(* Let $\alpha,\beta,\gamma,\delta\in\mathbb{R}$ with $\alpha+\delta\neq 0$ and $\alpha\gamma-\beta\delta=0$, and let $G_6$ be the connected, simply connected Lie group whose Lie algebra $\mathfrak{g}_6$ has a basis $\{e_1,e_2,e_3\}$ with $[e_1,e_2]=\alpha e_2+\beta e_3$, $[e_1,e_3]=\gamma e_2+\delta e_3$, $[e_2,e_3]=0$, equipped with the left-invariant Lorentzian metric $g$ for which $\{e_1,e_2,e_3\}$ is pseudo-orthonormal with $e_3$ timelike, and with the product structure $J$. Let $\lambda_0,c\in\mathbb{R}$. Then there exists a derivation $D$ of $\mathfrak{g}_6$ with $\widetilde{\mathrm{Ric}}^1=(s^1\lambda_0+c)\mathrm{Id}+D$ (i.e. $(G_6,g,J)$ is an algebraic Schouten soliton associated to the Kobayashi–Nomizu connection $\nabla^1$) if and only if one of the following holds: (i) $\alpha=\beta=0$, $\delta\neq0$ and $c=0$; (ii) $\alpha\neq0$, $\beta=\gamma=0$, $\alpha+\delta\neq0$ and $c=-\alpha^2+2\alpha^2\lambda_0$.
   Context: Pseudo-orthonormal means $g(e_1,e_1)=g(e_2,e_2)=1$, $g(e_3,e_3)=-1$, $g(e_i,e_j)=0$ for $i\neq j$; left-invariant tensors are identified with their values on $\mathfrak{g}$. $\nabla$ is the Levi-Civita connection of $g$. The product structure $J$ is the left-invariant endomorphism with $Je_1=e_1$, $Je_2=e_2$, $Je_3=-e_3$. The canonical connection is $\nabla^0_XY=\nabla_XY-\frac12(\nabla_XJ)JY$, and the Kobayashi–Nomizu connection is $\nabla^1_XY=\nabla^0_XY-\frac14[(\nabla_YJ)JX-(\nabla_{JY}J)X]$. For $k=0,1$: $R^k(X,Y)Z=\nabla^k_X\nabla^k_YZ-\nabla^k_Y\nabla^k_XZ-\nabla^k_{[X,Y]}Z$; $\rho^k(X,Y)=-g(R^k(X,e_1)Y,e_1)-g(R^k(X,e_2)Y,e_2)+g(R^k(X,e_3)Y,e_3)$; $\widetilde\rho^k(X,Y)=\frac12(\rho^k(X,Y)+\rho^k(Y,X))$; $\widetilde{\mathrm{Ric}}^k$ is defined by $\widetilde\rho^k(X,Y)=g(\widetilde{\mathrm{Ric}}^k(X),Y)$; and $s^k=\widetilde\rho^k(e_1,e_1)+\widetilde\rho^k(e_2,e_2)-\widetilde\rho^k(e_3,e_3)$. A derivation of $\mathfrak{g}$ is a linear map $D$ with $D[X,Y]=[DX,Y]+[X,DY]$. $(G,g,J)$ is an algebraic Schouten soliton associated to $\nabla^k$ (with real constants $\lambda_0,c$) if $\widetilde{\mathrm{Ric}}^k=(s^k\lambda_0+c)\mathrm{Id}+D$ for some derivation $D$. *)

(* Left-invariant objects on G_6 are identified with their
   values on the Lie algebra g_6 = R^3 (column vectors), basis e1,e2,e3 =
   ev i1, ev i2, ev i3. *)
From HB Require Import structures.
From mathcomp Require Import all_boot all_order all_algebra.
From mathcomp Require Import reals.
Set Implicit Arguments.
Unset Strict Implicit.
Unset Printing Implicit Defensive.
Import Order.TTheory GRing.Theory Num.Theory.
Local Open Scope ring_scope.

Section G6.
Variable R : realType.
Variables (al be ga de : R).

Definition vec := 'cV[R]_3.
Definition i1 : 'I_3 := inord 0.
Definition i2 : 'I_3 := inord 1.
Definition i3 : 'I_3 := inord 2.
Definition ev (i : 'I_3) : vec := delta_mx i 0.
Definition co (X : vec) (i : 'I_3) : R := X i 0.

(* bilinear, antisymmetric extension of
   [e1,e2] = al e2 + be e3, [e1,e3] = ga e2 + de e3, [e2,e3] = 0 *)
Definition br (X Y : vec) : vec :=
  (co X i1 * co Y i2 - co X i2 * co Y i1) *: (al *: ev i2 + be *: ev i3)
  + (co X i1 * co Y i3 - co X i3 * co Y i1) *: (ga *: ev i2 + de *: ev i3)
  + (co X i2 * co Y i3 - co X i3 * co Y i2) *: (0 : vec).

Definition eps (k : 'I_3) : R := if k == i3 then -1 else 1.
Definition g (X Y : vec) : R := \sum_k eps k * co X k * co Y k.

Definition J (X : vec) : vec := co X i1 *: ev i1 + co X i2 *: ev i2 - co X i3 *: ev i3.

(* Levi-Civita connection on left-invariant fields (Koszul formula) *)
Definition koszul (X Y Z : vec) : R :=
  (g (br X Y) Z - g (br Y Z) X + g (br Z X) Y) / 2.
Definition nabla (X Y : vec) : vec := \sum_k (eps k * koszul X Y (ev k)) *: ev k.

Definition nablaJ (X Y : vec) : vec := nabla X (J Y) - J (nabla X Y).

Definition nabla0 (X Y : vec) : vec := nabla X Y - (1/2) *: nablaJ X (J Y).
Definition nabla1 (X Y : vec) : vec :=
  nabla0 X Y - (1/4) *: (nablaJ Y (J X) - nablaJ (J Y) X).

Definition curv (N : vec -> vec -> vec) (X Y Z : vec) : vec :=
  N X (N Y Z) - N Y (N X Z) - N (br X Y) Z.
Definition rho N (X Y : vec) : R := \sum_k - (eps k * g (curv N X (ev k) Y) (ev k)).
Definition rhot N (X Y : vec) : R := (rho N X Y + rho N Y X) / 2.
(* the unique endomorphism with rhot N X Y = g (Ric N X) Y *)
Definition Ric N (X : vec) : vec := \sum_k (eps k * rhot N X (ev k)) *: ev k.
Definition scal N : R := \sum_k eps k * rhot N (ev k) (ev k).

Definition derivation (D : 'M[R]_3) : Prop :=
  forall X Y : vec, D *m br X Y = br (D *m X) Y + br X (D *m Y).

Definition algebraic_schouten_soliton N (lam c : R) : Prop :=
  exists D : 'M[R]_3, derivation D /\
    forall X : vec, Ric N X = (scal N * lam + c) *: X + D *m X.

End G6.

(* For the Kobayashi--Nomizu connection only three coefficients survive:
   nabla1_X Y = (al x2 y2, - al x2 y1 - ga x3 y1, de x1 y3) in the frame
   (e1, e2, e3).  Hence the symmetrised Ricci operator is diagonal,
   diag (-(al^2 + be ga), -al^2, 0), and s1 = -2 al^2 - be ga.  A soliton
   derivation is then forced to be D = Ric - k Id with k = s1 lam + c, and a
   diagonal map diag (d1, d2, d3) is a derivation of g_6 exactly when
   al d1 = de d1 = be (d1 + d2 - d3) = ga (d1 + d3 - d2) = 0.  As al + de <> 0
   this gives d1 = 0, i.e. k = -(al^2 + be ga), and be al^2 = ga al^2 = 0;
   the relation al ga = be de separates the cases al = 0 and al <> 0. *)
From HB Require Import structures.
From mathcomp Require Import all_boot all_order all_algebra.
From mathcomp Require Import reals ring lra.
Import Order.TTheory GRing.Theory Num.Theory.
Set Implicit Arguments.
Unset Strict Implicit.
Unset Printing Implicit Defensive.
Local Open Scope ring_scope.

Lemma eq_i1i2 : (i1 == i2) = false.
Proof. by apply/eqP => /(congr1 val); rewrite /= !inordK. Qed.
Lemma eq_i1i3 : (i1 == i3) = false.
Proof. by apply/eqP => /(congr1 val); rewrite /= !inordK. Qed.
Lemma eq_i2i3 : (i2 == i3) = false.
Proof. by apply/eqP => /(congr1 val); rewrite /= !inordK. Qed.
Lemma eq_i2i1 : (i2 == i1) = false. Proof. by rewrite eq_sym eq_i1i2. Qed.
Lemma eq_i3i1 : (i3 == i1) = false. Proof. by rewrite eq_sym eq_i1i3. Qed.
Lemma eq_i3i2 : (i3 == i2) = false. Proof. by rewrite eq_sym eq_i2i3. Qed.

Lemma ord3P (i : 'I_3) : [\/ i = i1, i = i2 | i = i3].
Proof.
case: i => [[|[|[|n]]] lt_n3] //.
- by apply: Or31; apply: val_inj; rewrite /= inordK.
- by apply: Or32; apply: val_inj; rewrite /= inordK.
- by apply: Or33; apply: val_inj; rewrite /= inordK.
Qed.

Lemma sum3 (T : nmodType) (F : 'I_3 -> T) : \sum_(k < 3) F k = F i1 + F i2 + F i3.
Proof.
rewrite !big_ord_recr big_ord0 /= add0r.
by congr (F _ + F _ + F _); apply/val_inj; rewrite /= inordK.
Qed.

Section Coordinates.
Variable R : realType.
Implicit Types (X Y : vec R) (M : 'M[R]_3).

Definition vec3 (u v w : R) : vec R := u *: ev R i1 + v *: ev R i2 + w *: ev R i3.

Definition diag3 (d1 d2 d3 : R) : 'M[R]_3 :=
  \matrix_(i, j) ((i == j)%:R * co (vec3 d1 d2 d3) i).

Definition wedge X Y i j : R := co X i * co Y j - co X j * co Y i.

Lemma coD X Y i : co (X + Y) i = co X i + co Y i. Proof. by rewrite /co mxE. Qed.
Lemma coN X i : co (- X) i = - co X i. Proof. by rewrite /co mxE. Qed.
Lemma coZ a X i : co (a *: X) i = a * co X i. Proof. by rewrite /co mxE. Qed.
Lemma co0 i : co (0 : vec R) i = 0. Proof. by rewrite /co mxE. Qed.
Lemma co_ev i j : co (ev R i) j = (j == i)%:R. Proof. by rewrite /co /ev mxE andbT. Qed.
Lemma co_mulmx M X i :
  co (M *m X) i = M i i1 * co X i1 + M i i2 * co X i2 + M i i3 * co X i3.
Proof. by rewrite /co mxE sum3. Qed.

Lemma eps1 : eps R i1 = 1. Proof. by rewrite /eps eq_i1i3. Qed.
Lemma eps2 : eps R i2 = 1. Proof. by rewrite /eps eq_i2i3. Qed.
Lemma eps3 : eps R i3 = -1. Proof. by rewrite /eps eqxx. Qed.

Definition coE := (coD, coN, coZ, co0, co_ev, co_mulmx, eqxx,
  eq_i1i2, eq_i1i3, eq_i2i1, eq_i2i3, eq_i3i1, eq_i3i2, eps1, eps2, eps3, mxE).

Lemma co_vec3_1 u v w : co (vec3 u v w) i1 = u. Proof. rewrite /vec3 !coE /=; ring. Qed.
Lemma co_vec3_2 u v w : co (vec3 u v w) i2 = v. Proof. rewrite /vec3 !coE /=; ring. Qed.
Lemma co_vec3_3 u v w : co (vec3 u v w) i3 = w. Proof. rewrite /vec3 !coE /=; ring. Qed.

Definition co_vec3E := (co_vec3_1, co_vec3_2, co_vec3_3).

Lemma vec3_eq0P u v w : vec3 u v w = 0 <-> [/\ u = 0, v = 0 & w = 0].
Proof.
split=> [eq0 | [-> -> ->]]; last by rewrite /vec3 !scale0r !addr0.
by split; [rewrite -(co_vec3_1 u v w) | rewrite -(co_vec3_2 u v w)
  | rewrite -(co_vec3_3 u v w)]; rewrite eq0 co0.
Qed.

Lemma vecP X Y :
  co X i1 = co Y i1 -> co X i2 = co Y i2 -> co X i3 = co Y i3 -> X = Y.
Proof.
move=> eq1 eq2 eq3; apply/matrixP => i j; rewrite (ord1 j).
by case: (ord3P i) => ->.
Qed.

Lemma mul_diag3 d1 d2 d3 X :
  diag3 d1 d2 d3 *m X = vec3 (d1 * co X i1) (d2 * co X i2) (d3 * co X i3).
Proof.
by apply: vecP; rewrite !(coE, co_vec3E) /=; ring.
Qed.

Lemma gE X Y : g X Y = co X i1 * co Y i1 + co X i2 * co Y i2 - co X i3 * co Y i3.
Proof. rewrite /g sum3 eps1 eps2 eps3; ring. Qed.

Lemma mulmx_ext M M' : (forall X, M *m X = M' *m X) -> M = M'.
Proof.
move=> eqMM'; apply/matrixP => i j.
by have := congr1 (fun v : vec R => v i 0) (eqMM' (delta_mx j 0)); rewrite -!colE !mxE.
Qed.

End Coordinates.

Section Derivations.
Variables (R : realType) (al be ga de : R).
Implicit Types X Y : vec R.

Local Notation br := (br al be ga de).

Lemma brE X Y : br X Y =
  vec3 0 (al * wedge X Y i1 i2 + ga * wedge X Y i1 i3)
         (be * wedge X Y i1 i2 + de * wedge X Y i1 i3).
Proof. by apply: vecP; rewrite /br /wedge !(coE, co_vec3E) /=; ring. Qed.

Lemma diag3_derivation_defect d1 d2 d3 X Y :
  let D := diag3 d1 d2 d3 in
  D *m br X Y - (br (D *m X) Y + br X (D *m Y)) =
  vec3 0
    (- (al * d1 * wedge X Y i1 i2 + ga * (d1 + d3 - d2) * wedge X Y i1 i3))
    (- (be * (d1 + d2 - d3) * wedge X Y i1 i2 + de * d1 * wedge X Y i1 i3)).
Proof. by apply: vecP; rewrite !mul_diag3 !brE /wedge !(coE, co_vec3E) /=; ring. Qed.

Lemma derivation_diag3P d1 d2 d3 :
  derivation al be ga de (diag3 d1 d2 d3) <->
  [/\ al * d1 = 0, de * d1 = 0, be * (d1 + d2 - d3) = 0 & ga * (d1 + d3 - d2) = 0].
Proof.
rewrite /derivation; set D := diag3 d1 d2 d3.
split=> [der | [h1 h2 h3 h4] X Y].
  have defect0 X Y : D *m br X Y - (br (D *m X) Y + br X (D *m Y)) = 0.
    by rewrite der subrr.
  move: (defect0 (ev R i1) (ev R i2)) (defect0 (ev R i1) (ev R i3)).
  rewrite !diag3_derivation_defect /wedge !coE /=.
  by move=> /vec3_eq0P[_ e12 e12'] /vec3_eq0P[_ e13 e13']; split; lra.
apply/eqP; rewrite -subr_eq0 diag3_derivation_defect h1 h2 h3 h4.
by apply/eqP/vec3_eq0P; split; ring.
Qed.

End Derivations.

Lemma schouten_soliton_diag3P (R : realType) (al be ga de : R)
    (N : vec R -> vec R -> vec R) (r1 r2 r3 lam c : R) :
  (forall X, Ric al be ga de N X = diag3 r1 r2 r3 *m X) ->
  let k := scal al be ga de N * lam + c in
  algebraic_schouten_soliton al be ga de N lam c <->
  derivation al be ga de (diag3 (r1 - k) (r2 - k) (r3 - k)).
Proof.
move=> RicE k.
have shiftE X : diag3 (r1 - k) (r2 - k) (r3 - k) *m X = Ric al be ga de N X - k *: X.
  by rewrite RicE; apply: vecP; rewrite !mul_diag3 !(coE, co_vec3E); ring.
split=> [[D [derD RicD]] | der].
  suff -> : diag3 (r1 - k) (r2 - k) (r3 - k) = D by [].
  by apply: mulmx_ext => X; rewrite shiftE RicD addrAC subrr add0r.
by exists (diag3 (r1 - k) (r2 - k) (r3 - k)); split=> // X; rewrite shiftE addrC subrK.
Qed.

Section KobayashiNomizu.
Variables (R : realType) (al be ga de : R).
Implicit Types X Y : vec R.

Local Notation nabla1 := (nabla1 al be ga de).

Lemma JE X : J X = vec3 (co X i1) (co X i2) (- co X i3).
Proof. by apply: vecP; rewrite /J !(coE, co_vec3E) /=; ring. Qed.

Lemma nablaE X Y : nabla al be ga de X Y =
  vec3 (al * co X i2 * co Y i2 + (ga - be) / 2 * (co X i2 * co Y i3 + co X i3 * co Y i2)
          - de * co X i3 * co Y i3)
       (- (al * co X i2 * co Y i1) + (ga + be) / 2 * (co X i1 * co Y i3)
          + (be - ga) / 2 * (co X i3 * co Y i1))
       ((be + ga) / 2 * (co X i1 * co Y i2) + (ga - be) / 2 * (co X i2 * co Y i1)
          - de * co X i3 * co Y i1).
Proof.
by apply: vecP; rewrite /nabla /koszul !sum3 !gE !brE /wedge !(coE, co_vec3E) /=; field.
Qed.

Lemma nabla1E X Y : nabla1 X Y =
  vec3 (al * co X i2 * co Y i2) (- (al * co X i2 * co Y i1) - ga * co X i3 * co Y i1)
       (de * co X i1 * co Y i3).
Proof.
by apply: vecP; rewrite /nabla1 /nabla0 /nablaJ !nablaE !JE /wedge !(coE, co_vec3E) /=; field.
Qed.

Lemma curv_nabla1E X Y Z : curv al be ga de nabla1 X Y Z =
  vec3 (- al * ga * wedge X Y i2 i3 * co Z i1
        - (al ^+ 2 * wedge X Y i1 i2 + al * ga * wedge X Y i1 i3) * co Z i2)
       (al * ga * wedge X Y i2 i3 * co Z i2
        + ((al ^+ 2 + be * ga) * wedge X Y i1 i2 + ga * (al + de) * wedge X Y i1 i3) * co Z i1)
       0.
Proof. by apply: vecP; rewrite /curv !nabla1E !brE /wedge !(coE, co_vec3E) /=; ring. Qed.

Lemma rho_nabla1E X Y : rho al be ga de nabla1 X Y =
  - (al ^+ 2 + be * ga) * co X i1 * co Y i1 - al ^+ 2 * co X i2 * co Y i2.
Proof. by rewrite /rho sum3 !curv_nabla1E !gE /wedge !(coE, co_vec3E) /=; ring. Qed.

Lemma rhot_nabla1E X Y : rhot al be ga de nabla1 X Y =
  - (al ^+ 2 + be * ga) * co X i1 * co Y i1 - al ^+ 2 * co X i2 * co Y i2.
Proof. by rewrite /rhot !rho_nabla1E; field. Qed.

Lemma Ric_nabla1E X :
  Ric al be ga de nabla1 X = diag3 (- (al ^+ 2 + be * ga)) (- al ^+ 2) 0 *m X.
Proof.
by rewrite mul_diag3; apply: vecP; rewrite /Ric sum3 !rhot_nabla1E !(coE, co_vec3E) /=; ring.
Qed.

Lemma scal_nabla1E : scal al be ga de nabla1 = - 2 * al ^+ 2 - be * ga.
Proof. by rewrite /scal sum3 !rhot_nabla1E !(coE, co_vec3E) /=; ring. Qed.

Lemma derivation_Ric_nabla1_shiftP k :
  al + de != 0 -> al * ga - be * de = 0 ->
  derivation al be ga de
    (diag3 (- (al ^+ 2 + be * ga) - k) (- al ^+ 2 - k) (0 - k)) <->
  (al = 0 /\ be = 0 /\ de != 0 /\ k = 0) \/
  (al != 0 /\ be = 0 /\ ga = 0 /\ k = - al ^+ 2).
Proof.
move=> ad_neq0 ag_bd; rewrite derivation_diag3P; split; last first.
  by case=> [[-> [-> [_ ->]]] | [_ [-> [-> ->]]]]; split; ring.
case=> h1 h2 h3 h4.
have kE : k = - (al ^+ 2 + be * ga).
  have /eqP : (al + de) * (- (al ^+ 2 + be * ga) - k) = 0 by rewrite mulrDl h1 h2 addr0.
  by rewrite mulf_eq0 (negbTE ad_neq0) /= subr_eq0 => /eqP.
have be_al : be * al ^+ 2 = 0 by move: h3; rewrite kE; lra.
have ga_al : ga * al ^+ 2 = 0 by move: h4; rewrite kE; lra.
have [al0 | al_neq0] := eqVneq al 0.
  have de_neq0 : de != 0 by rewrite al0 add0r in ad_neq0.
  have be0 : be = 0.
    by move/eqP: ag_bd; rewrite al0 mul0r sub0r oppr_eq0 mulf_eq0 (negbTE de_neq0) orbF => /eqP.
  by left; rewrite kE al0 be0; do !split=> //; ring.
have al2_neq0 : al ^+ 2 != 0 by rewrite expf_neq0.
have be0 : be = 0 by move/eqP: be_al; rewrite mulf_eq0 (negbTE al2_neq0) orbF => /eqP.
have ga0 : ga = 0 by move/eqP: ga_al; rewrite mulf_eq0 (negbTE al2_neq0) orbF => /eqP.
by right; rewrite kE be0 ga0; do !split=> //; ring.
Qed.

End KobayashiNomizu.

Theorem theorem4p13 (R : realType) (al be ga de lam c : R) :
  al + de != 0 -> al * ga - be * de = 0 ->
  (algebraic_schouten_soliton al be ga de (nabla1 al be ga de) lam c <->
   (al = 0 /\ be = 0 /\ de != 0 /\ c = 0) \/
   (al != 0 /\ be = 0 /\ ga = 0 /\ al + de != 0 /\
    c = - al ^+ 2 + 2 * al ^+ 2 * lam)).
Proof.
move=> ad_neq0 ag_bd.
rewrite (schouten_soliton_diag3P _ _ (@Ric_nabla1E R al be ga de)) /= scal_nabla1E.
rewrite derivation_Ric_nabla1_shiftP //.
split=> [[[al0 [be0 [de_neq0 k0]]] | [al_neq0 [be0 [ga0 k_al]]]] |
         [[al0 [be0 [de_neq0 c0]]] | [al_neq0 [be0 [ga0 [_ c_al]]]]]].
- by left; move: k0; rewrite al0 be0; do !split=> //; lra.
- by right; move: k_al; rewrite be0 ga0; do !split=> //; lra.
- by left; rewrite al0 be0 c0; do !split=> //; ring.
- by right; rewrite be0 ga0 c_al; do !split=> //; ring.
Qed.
· · · · · · ·
About this exercise - Determine how many lines in the data above include the word "subrr", and state that number only.

Exercise output - 2